A solar array. (Getty Images)
A strange thing happened at the House Commerce and Labor Committee Tuesday.
A sweeping and ambitious (probably overly so) bill by Del. Sam Rasoul, D-Roanoke, that would dramatically overhaul Virginia’s energy landscape made it out of the GOP-controlled committee over the fervent opposition of utilities and energy interests that generally hold lots of sway there.
(You can watch the episode here.)
Rasoul’s bill, which has 11 Democratic co-sponsors, includes a fossil fuel moratorium and clean energy mandate that prevents state agencies or political subdivisions from approving new fossil-fuel electric generation as well as barring approval of a host of maintenance for import/export terminals, pipelines and refineries.

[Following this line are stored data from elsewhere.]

(* Let $S\subseteq\mathbb{N}^k$ be a slice. There is a finite set $F\subseteq S$ such that $S=\bigcup_{\mathbf{u}\in F}(\mathbf{u}+M_{\mathbf{u}})$.
   Context: $\le$ is the componentwise order on $\mathbb{N}^k$; for $X\subseteq\mathbb{N}^k$, $\min X$ is the (finite) set of its minimal elements and $X^*$ the submonoid generated by $X$. A slice is a set $S\subseteq\mathbb{N}^k$ such that whenever $\mathbf{u},\mathbf{u}+\mathbf{v},\mathbf{u}+\mathbf{w}\in S$ for $\mathbf{u},\mathbf{v},\mathbf{w}\in\mathbb{N}^k$, then $\mathbf{u}+\mathbf{v}+\mathbf{w}\in S$. For $\mathbf{u}\in S$ let $S-\mathbf{u}=\{\mathbf{v}\in\mathbb{N}^k\mid\mathbf{u}+\mathbf{v}\in S\}$ and $M_{\mathbf{u}}=(\min((S-\mathbf{u})\setminus\{\mathbf{0}\}))^*$. *)

From mathcomp Require Import all_boot.
Set Implicit Arguments. Unset Strict Implicit. Unset Printing Implicit Defensive.

Definition vec (k : nat) := {ffun 'I_k -> nat}.

Definition vzero {k} : vec k := [ffun => 0].
Definition vadd {k} (u v : vec k) : vec k := [ffun i => u i + v i].

Definition vle {k} (u v : vec k) : bool := [forall i, u i <= v i].

Definition slice {k} (S : vec k -> Prop) : Prop :=
  forall u v w : vec k, S u -> S (vadd u v) -> S (vadd u w) ->
    S (vadd (vadd u v) w).

Definition shift {k} (S : vec k -> Prop) (u : vec k) : vec k -> Prop :=
  fun v => S (vadd u v).

Definition minset {k} (X : vec k -> Prop) : vec k -> Prop :=
  fun x => X x /\ forall y, X y -> vle y x -> y = x.

Inductive genmon {k} (X : vec k -> Prop) : vec k -> Prop :=
| genmon0 : genmon X vzero
| genmonS : forall x m, X x -> genmon X m -> genmon X (vadd x m).

Definition Mu {k} (S : vec k -> Prop) (u : vec k) : vec k -> Prop :=
  genmon (minset (fun v => shift S u v /\ v <> vzero)).

(* For u <= x in S the slice axiom gives S - u ⊆ S - x.  If moreover
   S - u = S - x, then x - u lies in M_u: peel off a minimal nonzero p <= x - u
   of S - u, note that S - (u + p) = S - u, and recurse on the rest.  So it
   suffices to find a finite F ⊆ S such that every x in S lies above some u in
   F with S - u = S - x.  Otherwise, by Dickson's lemma, a bad sequence yields
   a chain D_0 <= D_1 <= ... in S with witnesses v_m in S - D_(m+1) but not in
   S - D_m.  Take such a chain whose witnesses are minimal in the sense of
   Nash-Williams.  Dickson's lemma gives a < b_0 < b_1 < ... with
   v_a <= v_(b_0) <= v_(b_1) <= ..., and the chain that continues from b_0 with
   D_(b_0), D_(b_0 + 1) + v_a, D_(b_1 + 1) + v_a, ... and witnesses
   v_(b_m) - v_a has a smaller witness at b_0. *)
From Stdlib Require Import Classical IndefiniteDescription.
From mathcomp Require Import all_boot.
Set Implicit Arguments. Unset Strict Implicit. Unset Printing Implicit Defensive.

Lemma ex_argmin (A : Type) (P : A -> Prop) (mu : A -> nat) :
  (exists a, P a) -> exists2 a, P a & forall b, P b -> mu a <= mu b.
Proof.
move=> [a0 Pa0]; apply: NNPP => nomin.
suff ge_mu n b : P b -> n <= mu b by have := ge_mu (mu a0).+1 a0 Pa0; rewrite ltnn.
elim: n b => [//|n IH] b Pb; rewrite ltn_neqAle IH // andbT.
by apply/eqP => mu_b; apply: nomin; exists b => // c Pc; rewrite -mu_b IH.
Qed.

Lemma bad_sequence (T : eqType) (P : T -> Prop) (R : T -> T -> Prop) :
  ~ (exists F : seq T, (forall u, u \in F -> P u) /\
       forall x, P x -> exists2 u, u \in F & R u x) ->
  exists2 x : nat -> T, (forall n, P (x n)) & forall i j, i < j -> ~ R (x i) (x j).
Proof.
move=> nobasis.
have uncovered (F : seq T) : {in F, forall u, P u} -> exists2 x, P x & {in F, forall u, ~ R u x}.
  move=> FP; apply: NNPP => nox; apply: nobasis; exists F; split=> // x Px.
  by apply: NNPP => nou; apply: nox; exists x => // u uF Rux; apply: nou; exists u.
have [//|x0 Px0 _] := uncovered [::].
have choose (F : seq T) : exists x, {in F, forall u, P u} ->
    P x /\ {in F, forall u, ~ R u x}.
  case: (classic {in F, forall u, P u}) => [/uncovered [x Px Fx] | FnP].
    by exists x.
  by exists x0 => /FnP.
have [pick pickP] := functional_choice _ choose.
pose prefix := fix prefix n := if n is m.+1 then pick (prefix m) :: prefix m else [::].
have prefixP n : {in prefix n, forall u, P u}.
  elim: n => [//|n IH] u /=; rewrite in_cons => /predU1P [->|]; last exact: IH.
  exact: (pickP _ IH).1.
exists (fun n => pick (prefix n)) => [n|i j lt_ij]; first exact: (pickP _ (prefixP n)).1.
apply: (pickP _ (prefixP j)).2.
elim: j lt_ij => // j IH; rewrite ltnS leq_eqVlt => /predU1P [->|/IH].
  exact: mem_head.
by rewrite /= in_cons => ->; rewrite orbT.
Qed.

Section Chains.
Variables (X : Type) (L : X -> X -> Prop).

Definition chain (s : nat -> X) := forall n, L (s n) (s n.+1).

Lemma chain_splice (s t : nat -> X) n :
  chain s -> chain t -> (0 < n -> L (s n.-1) (t 0)) ->
  chain (fun i => if i < n then s i else t (i - n)).
Proof.
move=> chain_s chain_t join i /=; case: (ltnP i.+1 n) => [lt_i1n | le_ni1].
  by rewrite (ltn_trans (ltnSn i) lt_i1n).
case: (ltnP i n) => [lt_in | le_ni]; last by rewrite subSn.
have n_eq : n = i.+1 by apply/eqP; rewrite eqn_leq lt_in le_ni1.
by move: join; rewrite n_eq subnn; apply.
Qed.

Variable mu : X -> nat.

Lemma minimal_chain s0 : chain s0 -> exists2 s, chain s &
  forall n t, chain t -> (forall i, i < n -> t i = s i) -> mu (s n) <= mu (t n).
Proof.
move=> chain_s0.
pose agree n (p t : nat -> X) := forall i, i < n -> t i = p i.
have extend (pn : {p | chain p} * nat) : exists q : {p | chain p},
    agree pn.2 (sval pn.1) (sval q) /\
    forall t, chain t -> agree pn.2 (sval pn.1) t -> mu (sval q pn.2) <= mu (t pn.2).
  case: pn => -[p chain_p] n.
  have [t [chain_t agree_t] min_t] := ex_argmin (fun t => mu (t n))
    (ex_intro (fun t => chain t /\ agree n p t) p (conj chain_p (fun _ _ => erefl))).
  by exists (exist _ t chain_t); split=> // t' *; apply: min_t.
have [next nextP] := functional_choice _ extend.
(* [seqs n] minimizes [mu] at [n] among the chains extending [seqs n.-1] below
   [n]; the minimal chain is the diagonal. *)
pose seqs := fix seqs n := next (if n is m.+1 then seqs m else exist _ s0 chain_s0, n).
pose prev n := if n is m.+1 then seqs m else exist _ s0 chain_s0.
have seqsE n : seqs n = next (prev n, n) by case: n.
have stable m n i : i <= m <= n -> sval (seqs n) i = sval (seqs m) i.
  move=> /andP [le_im]; elim: n => [|n IH]; first by rewrite leqn0 => /eqP ->.
  rewrite leq_eqVlt => /predU1P [-> //|]; rewrite ltnS => le_mn.
  rewrite -(IH le_mn) seqsE; apply: (nextP _).1.
  exact: leq_trans le_im le_mn.
have prevE n i : i < n -> sval (prev n) i = sval (seqs i) i.
  by case: n => // n lt_in; apply: stable; rewrite leqnn.
exists (fun n => sval (seqs n) n) => [n | n t chain_t agree_t].
  by rewrite /= -(stable n n.+1 n) ?leqnn ?leqnSn //; apply: (svalP (seqs n.+1)).
rewrite seqsE; apply: (nextP _).2 => // i lt_in /=.
by rewrite agree_t // prevE.
Qed.

End Chains.

Lemma nat_monotone_subseq (g : nat -> nat) :
  exists2 phi : nat -> nat, {homo phi : m n / m < n} &
    forall n, g (phi n) <= g (phi n.+1).
Proof.
have argmin_from n : exists m, n <= m /\ forall j, n <= j -> g m <= g j.
  have [m le_nm min_m] := ex_argmin g (ex_intro (leq n) n (leqnn n)).
  by exists m.
have [m mP] := functional_choice _ argmin_from.
have min_m x j : m x <= j -> g (m x) <= g j.
  by move=> le_mj; apply: (mP x).2; exact: leq_trans (mP x).1 le_mj.
pose phi n := iter n (fun x => m x.+1) (m 0).
have phiS n : phi n < phi n.+1 by exact: (mP _).1.
exists phi => [|n]; first exact: homo_ltn ltn_trans phiS.
by case: n => [|n]; apply: min_m; exact: ltnW (phiS _).
Qed.

Section Vectors.
Variable k : nat.
Implicit Types u v w : vec k.

Definition vsub u v : vec k := [ffun i => u i - v i].
Definition vsize u : nat := \sum_(i < k) u i.

Lemma vaddC u v : vadd u v = vadd v u.
Proof. by apply/ffunP => i; rewrite !ffunE addnC. Qed.

Lemma vaddA u v w : vadd u (vadd v w) = vadd (vadd u v) w.
Proof. by apply/ffunP => i; rewrite !ffunE addnA. Qed.

Lemma vadd0 u : vadd u vzero = u.
Proof. by apply/ffunP => i; rewrite !ffunE addn0. Qed.

Lemma vleP u v : reflect (forall i, u i <= v i) (vle u v).
Proof. exact: forallP. Qed.

Lemma vle_refl u : vle u u.
Proof. exact/vleP. Qed.

Lemma vle_trans : transitive (@vle k).
Proof. by move=> v u w /vleP le_uv /vleP le_vw; apply/vleP => i; exact: leq_trans. Qed.

Lemma vle_addr u v : vle u (vadd u v).
Proof. by apply/vleP => i; rewrite ffunE leq_addr. Qed.

Lemma vle_add2l u v w : vle (vadd u v) (vadd u w) = vle v w.
Proof. by apply: eq_forallb => i; rewrite !ffunE leq_add2l. Qed.

Lemma vle_add2r u v w : vle (vadd v u) (vadd w u) = vle v w.
Proof. by rewrite ![vadd _ u]vaddC vle_add2l. Qed.

Lemma vsubKC u v : vle u v -> vadd u (vsub v u) = v.
Proof. by move=> /vleP le_uv; apply/ffunP => i; rewrite !ffunE subnKC. Qed.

It would also require retail electric suppliers like Dominion Energy and Appalachian Power to generate at least 80 percent of their power from renewable sources by 2028 and and 100 percent after 2035, among other provisions.
Nuclear power, which accounts for about 30 percent of Virginia’s electricity according to Dominion, doesn’t count as clean energy under the bill.
Consider that in New York, Democratic Gov. Andrew Cuomo has just called for the state to go to 100 percent renewable power by 2040, which the AP says is the “most aggressive clean energy goal of any state.” That mix includes nuclear, which, despite the radiation risks it poses and the long-running debate over what to do with the waste, is believed by many experts to be an essential part of any serious solution to quickly move away from fossil fuels to mitigate climate disaster.
Rasoul’s fellow Democrat, Del. Mark Keam, D-Fairfax, called his bill “a bold progressive idea for where we need to go in the future in setting a policy marker,” which seems to acknowledge it is more of a vision statement than practical policy, at least for now.
Even the energy and utility interests at Commerce and Labor, accustomed to swatting down yearly attempts to expand renewable energy in Virginia, seemed a bit bowled-over at the scope of Rasoul’s bill.
“The blanket ban on fossil fuels is irresponsible and it places the reliability of the electric grid at risk,” said Jack Rust, Dominion’s customarily cool and collected lobbyist and a former delegate.
At first, Rasoul’s bill died on an 8-8 vote. Then, it got another vote, courtesy of a motion to reconsider by Del. Kathy Byron, R-Bedford. This time, it passed, with one Republican, Del. Tim Hugo, R-Fairfax, voting yes. (Two Democrats, Dels. Joseph Lindsey and Stephen Heretick, voted no and six Republicans didn’t register a vote).
The palpable confusion and muttering in between the votes seemed to suggest something else was at work.
“Now let’s get it right,” Chairman Terry Kilgore, R-Scott, said before the second vote.
What does that mean?
“I guess we’ll have this discussion on the floor,” said Kilgore, who voted against the bill, amid chuckles from the room.
That of course, could have been the idea all along, given what Sen. Tommy Norment, R-James City, pulled on a minimum wage bill earlier this week.
Republicans seem to think that holding onto their slim majority requires letting bills that terrify big business get to the floor, all evidently to send a message about who corporate donors need to back in the coming elections this year, when every House and Senate seat is up.
“I think we’re going down the wrong road here,” Kilgore said. “All the folks are very misguided when they think that green energy is going to be a lot cheaper.”
We have been going down the wrong road. For too long, access to renewable energy and the jobs and customer savings it could create have been stifled by the utilities that have long dominated Virginia energy policy. But as the growing flood of bills filed each year suggests, they won’t be able to bar the door forever.
By the way, Kilgore, a major recipient of utility campaign cash, was much more sanguine about renewable energy last year, when he was helping Dominion push through its mammoth utility regulatory overhaul, including a declaration that thousands of megawatts of wind and solar are in the public interest, and the year before, when he carried Dominion’s $2 billion pumped storage facility bill.
But Rasoul says he’s not afraid of the vote or the debate.
“I’m thrilled that the committee has chosen to have this conversation on the House floor so we can really debate and understand just how many jobs are being left on the table,” he said.
He acknowledged, though, that his bill is a longshot.
“I think it’d be very difficult for this bill to pass out of the House. What it does do is allow us to have an elevated conversation,” he said.
Whether that serious conversation about Virginia energy policy will happen in an election year remains to be seen.